I am going to let her cool down a little. I know the handlers that come out of this program end up being some of the best as adults. In the classes we go to she has had two professional handlers tell me that she is very talented and good already - of course she still has lots to learn - and we are very fortunate for her to have a very well trained dog, and one that is very correct. This dog has shutdown in the show ring with adults but works for my daughter.


----------



## LJack (Aug 10, 2012)

I have to preface this with I only showed juniors maybe twice as a youngster. But, I spent years in horses. 

Your daughter's story reminds me of me with my horse Angel. We would compete in both the pleasure classes (based on the performance of the horse) and horsemanship (based on the performance of the rider).
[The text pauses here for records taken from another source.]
(* Let $H$ be a finite group such that for any $g,x\in H$ there is a positive integer $n(x,g)$ with $[[g,{}_nx],g]=1$ for all $n\ge n(x,g)$. Then $H$ is nilpotent.
   Context: Commutators: $a^b=b^{-1}ab$, $[a,b]=a^{-1}b^{-1}ab$, and $[a,{}_nb]=[\dots[[a,b],b],\dots,b]$ with $b$ repeated $n$ times. *)

From mathcomp Require Import all_boot all_fingroup all_solvable.
Set Implicit Arguments. Unset Strict Implicit. Unset Printing Implicit Defensive.
Local Open Scope group_scope.

(* [a, _n b] = [...[[a,b],b],...,b] with b repeated n times; [a, _0 b] = a.
   MathComp's [~ x, y] is x^-1 * y^-1 * x * y, matching the paper. *)
Definition comm_iter (gT : finGroupType) (a b : gT) (n : nat) : gT :=
  iter n (fun c => [~ c, b]) a.

From mathcomp Require Import all_boot all_fingroup all_solvable zify.
Set Implicit Arguments. Unset Strict Implicit. Unset Printing Implicit Defensive.
Local Open Scope group_scope.
(* Let $n,k$ be integers with $1<k<n$ and $k>\frac14 n$. Then there exists a $k$-homogeneous partial latin square of order $n$ which is not completable.
   Context: A $k$-homogeneous partial latin square of order $n$ is an $n\times n$ array in which each cell is either blank or contains one of the symbols $\{1,2,\dots,n\}$, such that (i) no symbol occurs twice in any row or any column, (ii) each symbol occurs exactly $k$ times in the array, and (iii) each row and each column contains exactly $k$ filled cells. It is completable if its blank cells can be filled with symbols from $\{1,\dots,n\}$ so as to produce a latin square of order $n$ (an $n\times n$ array in which each symbol occurs exactly once in each row and each column). *)

From mathcomp Require Import all_boot.
Set Implicit Arguments. Unset Strict Implicit. Unset Printing Implicit Defensive.

(* An n x n array; cell (r,c) is blank (None) or contains a symbol (Some s),
   with symbols {1,..,n} represented by 'I_n = {0,..,n-1}. *)
Definition parray (n : nat) := 'I_n -> 'I_n -> option 'I_n.

Definition is_partial_latin n (P : parray n) : Prop :=
  (forall (r c1 c2 s : 'I_n), P r c1 = Some s -> P r c2 = Some s -> c1 = c2) /\
  (forall (c r1 r2 s : 'I_n), P r1 c = Some s -> P r2 c = Some s -> r1 = r2).

Definition k_homogeneous_pls n (k : nat) (P : parray n) : Prop :=
  [/\ is_partial_latin P,
      forall s : 'I_n, #|[set rc : 'I_n * 'I_n | P rc.1 rc.2 == Some s]| = k,
      forall r : 'I_n, #|[set c : 'I_n | P r c != None]| = k &
      forall c : 'I_n, #|[set r : 'I_n | P r c != None]| = k].

Definition is_latin_square n (L : 'I_n -> 'I_n -> 'I_n) : Prop :=
  (forall r s : 'I_n, #|[set c : 'I_n | L r c == s]| = 1) /\
  (forall c s : 'I_n, #|[set r : 'I_n | L r c == s]| = 1).

Definition completable n (P : parray n) : Prop :=
  exists L : 'I_n -> 'I_n -> 'I_n,
    is_latin_square L /\ forall r c s : 'I_n, P r c = Some s -> L r c = s.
At first I hated horsemanship because I was loosing and liked pleasure classes because I was doing better there. I was at a point where my horse was better than me. 
Then I had a shift, I wanted to be better then my horse. I saw the pleasure wins as Angel's and the horsemanship wins as mine. I worked harder on the more regimented skills needed for horsemanship, then I started winning horsemanship and I loved it. Then those new horsemanship skills transferred over and I was able to win both classes at increasingly higher levels of competition. 

I am not sure, but I think this might be happening with your daughter, especially with a correct well trained dog. In breed the judge could be doing what they should and judging the dog, at the same time forgiving any of your daughter's lack of experiance. Flipping over to JH, the judges doing it right are not looking at the dog other than grooming and presentation. They are looking at the junior. The rules are much more rigid in JH, less room for customized or creative handling. 

As far as the wording from the judge, we won't know because you did not hear it with your own ears. Your daughter is giving it to you as she understood it and colored by her emotions. I believe she told what she understood, I do not think she is fudging it. 

Alternate, devils advocate theories:

The mop dog - perhaps the judge was explaining that breed should not be "hand" stacked on the ground. That the mop dog handler would have to work on free stacking but that it would take training and not to expect a dog to be perfect at it immediatly. "So, don't worry about it today but work on it for the future."

The older handler - could this be similar to best of winners? Because the judge had recently judged them they are not judged in the same depth as the specials who hit the ring for the first time. It sounds like the younger girls had recently be judged. Was the older girl in the ring for the first time? I don't know so I am asking. 

It is quite possible the older more experienced won on the merit of her performance. If I were the judge and wanted to explain to judging to all exhibitors I might make a comment like that. Maybe something along the lines of "Thank you, you all did a wonderful job today. My winner today displayed skills that come with experiance and maturity. I encourage you all to continue to work on your skills as I can see all of you being successful in the future."

Now, those are my theories but I could see my younger self only hearing what your daughter reported back. What was said versus what she heard is beside the point because the reality for her is what she shared and I don't blame her for not being happy with that. 

Perhaps if she is competitive like I was you could (after she has time to decompress) make sure she knows that breed is about judging the dog and JH is about judging her skills. If you can put her in competition against the dog it could work, it did for me.


----------



## cubbysan (Mar 13, 2007)

Thanks for your input. 

I was wondering if she misunderstood. She did know that the open class was judging the dog and the JH was judging the handler. I really wish I knew more Junior handlers or could find out more info. My two cobreeders are teaching her based on when their children were younger.

That does make sense about the little mop dog - sad that I did not even recognize the breed, might have been a Coton Du Tular.

Well we will go back to class on Wednesday. We have some very experienced people in class with us that are judges and pro handlers, maybe I can have them give here a little pep talk.

In the meantime, she is studying pedigrees and planning for her next show dog, and possibly a stud for Sailor. I can't believe some of the people she has contacted and introduced herself to online. Owners of the top golden retrievers! All these people have been very nice to her and supportive.


----------



## K9-Design (Jan 18, 2009)

I was never wild about Juniors either but a lot of kids love it. I would encourage her to give it a few more tries before forming an opinion. It's a learning curve. We can't possibly understand and excel right out of the gate. 
I find the judging procedure in JS to be silly at times but considering the entry fee is typically nominal or free it is a good time for her to practice in the ring. Just show her dog as the breed should be shown, not just to win a handling competition. 
The stacking the mop breed is a perfect example. Many small breeds especially with hair are NOT hand-stacked on the ground. Not only is it unnecessary but looks ungainly to have the handler hunkering over the dog to accomplish it.


----------